Он съел треть брекекекса, не почувствовав вкуса, допил чай и с усилием поднялся из-за стола. Пора в кровать. Пропотеть как следует, отоспаться до полудня – глядишь, попустит.
Заснуть не получилось. Клёст ложился, вставал, бродил по комнате, курил, кашлял. Пил отвар ивовой коры, дважды бегал в надворный деревянный клозет – чай с отваром давали себя знать. В итоге он собрался в город: купить немецкое патентованное средство «от простуды и лихорадки». Чёрт с ней, с ценой! Пусть его принимают за кого хотят! Человек заболел и готов платить несуразные деньги, лишь бы выздороветь.
Что в этом такого?
Перед выходом, проверив, заперта ли дверь, и задёрнув занавески на окне, Клёст пересчитал деньги в саквояже. Пятьдесят три тысячи шестьсот сорок семь рублей. Это было больше, чем он рассчитывал. И с прошлых грандов семьдесят тысяч припрятано. Миша приободрился. Всё, можно завязывать. Пересидим шухер, и здравствуй, новая жизнь, здравствуй, Оленька!
* * *
Кроме Монне, Екатеринославская кишела отелями средней руки: «Бельвю», «Славянский базар», «Ялта»... Клёст подумал и решил, что от добра добра не ищут. Неизвестно, что ждёт его в других гостиницах. А вдруг стоны кровати да скрип полов раем покажутся? Отели отелями, но аптек поблизости не наблюдалось. Куда бегал воробей Гришка, осталось загадкой. Ничего, в центре аптеки, небось, на каждом углу. Пройдемся пешком, разомнём ноги...
Если б ещё уши так не мёрзли!
Рассыпчатый снег искрился на солнце. Скрипел под ногами: бре-ке-кекс, бре-ке-кекс! В голове было звонко, пусто. Подпрыгни – и улетишь в бирюзовую высь на манер воздушного шара-монгольфьера. Ну да, подумалось Мише. Монгольфьеры горячим воздухом надувают, а у меня внутри сейчас такой жар, что с лихвой хватит. А здо̀рово бы было – улететь отсюда, прихватив саквояж с деньгами. И поезда не нужно, и фараонам кукиш скрутим из поднебесья: выкусите!

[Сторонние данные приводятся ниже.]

Lemma special_flag_spec (v : nV N) : ~~ isb v ->
  exists2 s0, special_flag v = Some s0 &
    forall h, ((hv h == v) && special h) = (h == s0).
Proof.
move=> internal_v; have [_ [/(_ v internal_v) [deg3 in_deg] _]] := HN.
have split_dir := cardID [pred h : hedge N | h.2] [pred h : hedge N | hv h == v].
have in_card : #|[predI [pred h : hedge N | hv h == v] & [pred h : hedge N | h.2]]|
               = #|[pred h : hedge N | (hv h == v) && h.2]| by apply: eq_card.
have one_special : #|[pred h : hedge N | (hv h == v) && special h]| = 1%N.
  have -> : #|[pred h : hedge N | (hv h == v) && special h]| =
      if white v then
        #|[predI [pred h : hedge N | hv h == v] & [pred h : hedge N | h.2]]|
      else #|[predD [pred h : hedge N | hv h == v] & [pred h : hedge N | h.2]]|.
    case: ifP => white_v; apply: eq_card => h; rewrite !inE /special;
      by case: (hv h =P v) => [->|]; rewrite ?andbF ?white_v //=; case: h.2.
  move: split_dir; rewrite in_card in_deg deg3.
  by case: (white v) => // /(@addnI 2%N _ 1%N).
have [s0 mem_s0] := mem_card1 one_special.
exists s0 => [|h]; last by have := mem_s0 h; rewrite !inE.
rewrite /special_flag; case: pickP => [h spec_h|none].
  by have := mem_s0 h; rewrite !inE spec_h => /esym/eqP ->.
by move: (mem_s0 s0) (none s0); rewrite !inE eqxx => /= ->.
Qed.

Definition corner (s0 : hedge N) (i : 'I_3) : hedge N := iter i next_flag s0.

Lemma corner_frame (v : nV N) (s0 : hedge N) :
  ~~ isb v -> special_flag v = Some s0 ->
  [/\ forall i, hv (corner s0 i) = v,
      forall i, lab (corner s0 i) = i,
      next_flag (corner s0 i2) = s0 &
      [/\ (corner s0 i0).2 = white v, (corner s0 i1).2 = ~~ white v
        & (corner s0 i2).2 = ~~ white v]].
Proof.
move=> internal_v some_s0.
have [s0' some_s0' spec] := special_flag_spec internal_v.
move: some_s0'; rewrite some_s0 => -[s0_eq]; subst s0'.
have [_ [_ [rotation _]]] := HN.
have /andP[/eqP hv_s0 special_s0] : (hv s0 == v) && special s0 by rewrite spec.
have internal0 : ~~ isb (hv s0) by rewrite hv_s0.
have [hv1 ne10 ne20 rot3] := rotation s0 internal0.
have internal1 : ~~ isb (hv (next_flag s0)) by rewrite hv1.
have [hv2 _ _ _] := rotation (next_flag s0) internal1.
have not_special h : hv h = v -> h != s0 -> special h = false.
  by move=> hv_h ne; apply/negbTE; apply: contra ne; rewrite -spec hv_h eqxx.
have hv_corner : forall i, hv (corner s0 i) = v.
  by apply: ord3_ind; rewrite /= ?hv2 ?hv1.
have special1 : special (next_flag s0) = false.
  exact: not_special _ (hv_corner i1) ne10.
have special2 : special (next_flag (next_flag s0)) = false.
  exact: not_special _ (hv_corner i2) ne20.
split=> //.
- by apply: ord3_ind; rewrite /lab /= ?rot3 ?special_s0 ?special1 ?special2.
- move: special_s0 special1 special2; rewrite /special hv2 hv1 hv_s0 /=.
  by move=> /eqP ->; case: (white v); case: (next_flag s0).2; case: (next_flag _).2.
Qed.

Lemma sum_flags_at (V : nmodType) (G : hedge N -> V) (v : nV N) (s0 : hedge N) :
  ~~ isb v -> special_flag v = Some s0 ->
  \sum_(h | hv h == v) G h = \sum_(i < 3) G (corner s0 i).
Proof.
move=> internal_v some_s0.
have [hv_corner lab_corner _ _] := corner_frame internal_v some_s0.
have corner_inj : injective (corner s0).
  by move=> i j /(congr1 (@lab N)); rewrite !lab_corner.
have [_ [/(_ v internal_v) [deg3 _] _]] := HN.
rewrite sum_ord3; apply: (sum_over_three (P := [pred h | hv h == v])) => //.
  by rewrite /= !inE !(inj_eq corner_inj).
by move=> h; rewrite !inE => /or3P[] /eqP ->; rewrite hv_corner.
Qed.
Lemma density_diff_quotient_cvg t0 : 0 < t0 -> forall y,
  h^-1 * (p (t0 + h) y / q y - p t0 y / q y) @[h --> 0^'+]
    --> Kop Pi (fun z => p t0 z / q z) y.
Proof. by move=> t0_gt0 y; exact: is_derive_diff_quotient_right (density_deriv y t0_gt0). Qed.

Lemma density_diff_quotient_mass0 t0 : 0 < t0 ->
  \forall h \near 0^'+, \sum_(x : S) q x * (h^-1 * (p (t0 + h) x / q x - p t0 x / q x)) = 0.
Proof.
move=> t0_gt0.
apply: (mass_diff_quotient0 (w := q) (f := fun t z => p t z / q z)
  (V := fun t => Kop Pi (fun z => p t z / q z)) (eps := 1)).
- by move=> t y /andP[t0t _]; apply: density_deriv; exact: lt_trans t0_gt0 t0t.
- by move=> t _; exact: Kop_mass0.
- exact: density_diff_quotient_cvg.
- exact: ltr01.
Qed.

End DensityEvolution.

Theorem proposition8p5 (R : realType) (S : finType)
  (Pi : S -> S -> R) (q : S -> R) (Phi : R -> R)
  (p : R -> S -> R) (t0 eps : R) (psi lpsi : R -> S -> R) :
  (* Pi irreducible stochastic *)
  (forall x y, 0 <= Pi x y) ->
  (forall x, \sum_(y : S) Pi x y = 1) ->
  (forall x y, connect (fun a b => 0 < Pi a b) x y) ->
  (* q invariant distribution *)
  (forall y, 0 <= q y) -> \sum_(y : S) q y = 1 ->
  (forall y, \sum_(x : S) q x * Pi x y = q y) ->
  (* detailed balance *)
  (forall y z, q y * kappa Pi y z = q z * kappa Pi z y) ->
  (* Phi on (0,oo): convex, C^1, with continuous positive second derivative *)
  (forall x y (s : R), 0 < x -> 0 < y -> 0 <= s <= 1 ->
     Phi (s * x + (1 - s) * y) <= s * Phi x + (1 - s) * Phi y) ->
  (forall x, 0 < x -> derivable Phi x 1) ->
  (forall x, 0 < x -> derivable (phiP Phi) x 1) ->
  (forall x, 0 < x -> {for x, continuous (Phi2 Phi)}) ->
  (forall x, 0 < x -> 0 < Phi2 Phi x) ->
  Phi 1 = 0 ->
  (* p(t,.) = law at time t of the chain with generator K, positive initial law *)
  (forall y, 0 < p 0 y) -> \sum_(y : S) p 0 y = 1 ->
  (forall y, (fun s => p s y) @ 0^'+ --> p 0 y) ->
  (forall (t : R) (y : S), 0 < t ->
     is_derive t 1 (fun s => p s y) (\sum_(x : S) p t x * kappa Pi x y)) ->
  (* the curve (lpsi_t) driven by psi_t on [t0, t0+eps) *)
  0 < t0 -> 0 < eps ->
  (forall y, {within `[t0, t0 + eps[, continuous (fun t => psi t y)}) ->
  (forall (t : R) (y : S), t0 <= t < t0 + eps -> 0 < lpsi t y) ->
  (forall y, lpsi t0 y = p t0 y / q y) ->
  (forall y, (fun h => h^-1 * (lpsi (t0 + h) y - lpsi t0 y)) @ 0^'+ -->
     - divg Pi (fun a b => vartheta Phi (fun z => p t0 z / q z) a b
                            * grad (psi t0) a b) y) ->
  (forall (t : R) (y : S), t0 < t < t0 + eps ->
     is_derive t 1 (fun s => lpsi s y)
       (- divg Pi (fun a b => vartheta Phi (fun z => p t z / q z) a b
                               * grad (psi t) a b) y)) ->
  let ell := fun t z => p t z / q z in
  let l := ell t0 in
  ((fun h : R => ((h^-1)%:E * Hm1norm Pi q Phi l (fun z => (ell (t0 + h) z - ell t0 z)%R))%E)
     @ 0^'+ --> Hm1norm Pi q Phi l (Kop Pi (ell t0)))
  /\ Hm1norm Pi q Phi l (Kop Pi (ell t0))
     = (H1norm Pi q Phi l (fun z => phiP Phi (ell t0 z)))%:E
  /\ ((fun h : R => ((h^-1)%:E * Hm1norm Pi q Phi l (fun z => (lpsi (t0 + h) z - lpsi t0 z)%R))%E)
     @ 0^'+ --> Hm1norm Pi q Phi l
                  (divg Pi (fun a b => vartheta Phi (ell t0) a b * grad (psi t0) a b)))
  /\ Hm1norm Pi q Phi l
       (divg Pi (fun a b => vartheta Phi (ell t0) a b * grad (psi t0) a b))
     = (H1norm Pi q Phi l (psi t0))%:E.
Proof.
(* Convexity and derivability of [Phi], [Phi 1 = 0], continuity of [Phi''], the
   normalisation of [p 0], the regularity of [psi] and the initial value and
   positivity of [lpsi] are not needed: the right derivative of [lpsi] at [t0]
   is assumed outright. *)
move=> Pi_ge0 Pi_sum1 irreducible q_ge0 q_sum1 q_inv q_kappa_sym _ _ phiP_d _ Phi2_gt0 _
  p0_gt0 _ p_cvg0 p_deriv t0_gt0 eps_gt0 _ _ _ lpsi_rd lpsi_d ell l.
have q_gt0 := invariant_gt0 Pi_ge0 irreducible q_ge0 q_sum1 q_inv.
have l_gt0 y : 0 < l y.
  exact: divr_gt0 (forward_law_gt0 Pi_ge0 p0_gt0 p_cvg0 p_deriv t0_gt0 y) (q_gt0 y).
have th_gt0 x y : 0 < kappa Pi x y -> 0 < vartheta Phi l x y.
  by move=> _; exact: ThetaP_gt0.
have th_sym t a b : vartheta Phi (ell t) a b = vartheta Phi (ell t) b a by exact: ThetaPC.
have repK := qdot_Kop Pi_ge0 q_kappa_sym _ Pi_sum1 phiP_d Phi2_gt0 l_gt0.
have repD := qdot_divg Pi_ge0 q_kappa_sym (psi t0) _ (th_sym t0).
have repND := qdot_Ndivg Pi_ge0 q_kappa_sym (psi t0) _ (th_sym t0).
have HK := Hm1norm_dual q_gt0 th_gt0 repK; rewrite H1normN in HK.
have HD := Hm1norm_dual q_gt0 th_gt0 repD; rewrite H1normN in HD.
split; [|split; [exact: HK|split; [|exact: HD]]].
- rewrite HK -H1normN; apply: (Hm1norm_diff_quotient_cvg q_gt0 th_gt0 irreducible
    (D := fun h z => ell (t0 + h) z - ell t0 z) repK).
  + exact (density_diff_quotient_mass0 Pi_sum1 q_gt0 q_kappa_sym p_deriv t0_gt0).
  + exact (density_diff_quotient_cvg q_gt0 q_kappa_sym p_deriv t0_gt0).
- rewrite HD; apply: (Hm1norm_diff_quotient_cvg q_gt0 th_gt0 irreducible
    (D := fun h z => lpsi (t0 + h) z - lpsi t0 z) repND); last exact: lpsi_rd.
  apply: (mass_diff_quotient0 lpsi_d _ lpsi_rd eps_gt0) => t _.
  exact (Ndivg_mass0 Pi_ge0 q_kappa_sym _ (th_sym t)).
Qed.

Земля ушла из-под ног, чтобы вернуться ледяной скользанкой. Очень твёрдой.
– М-мать!
Домечтался, ротозей! Под ноги смотреть надо, а не в небесах витать. Многострадальному копчику снова не повезло. Больно-то как! Охая и оскальзываясь, Миша предпринял попытку встать. К нему, захлёбываясь лаем, из подворотни бросилась кудлатая дворняга, цапнула за левую ѝкру. Вложив в удар всю накопившуюся злость, Клёст врезал собаке с носка правой, в точности по выпирающим ребрам. Сучку аж подбросило. Отчаянный визг и скулёж доставили Мише мрачное удовлетворение.
Получила, тварь?
– Вот ведь ироды пошли! А с виду приличный, шляпу надел...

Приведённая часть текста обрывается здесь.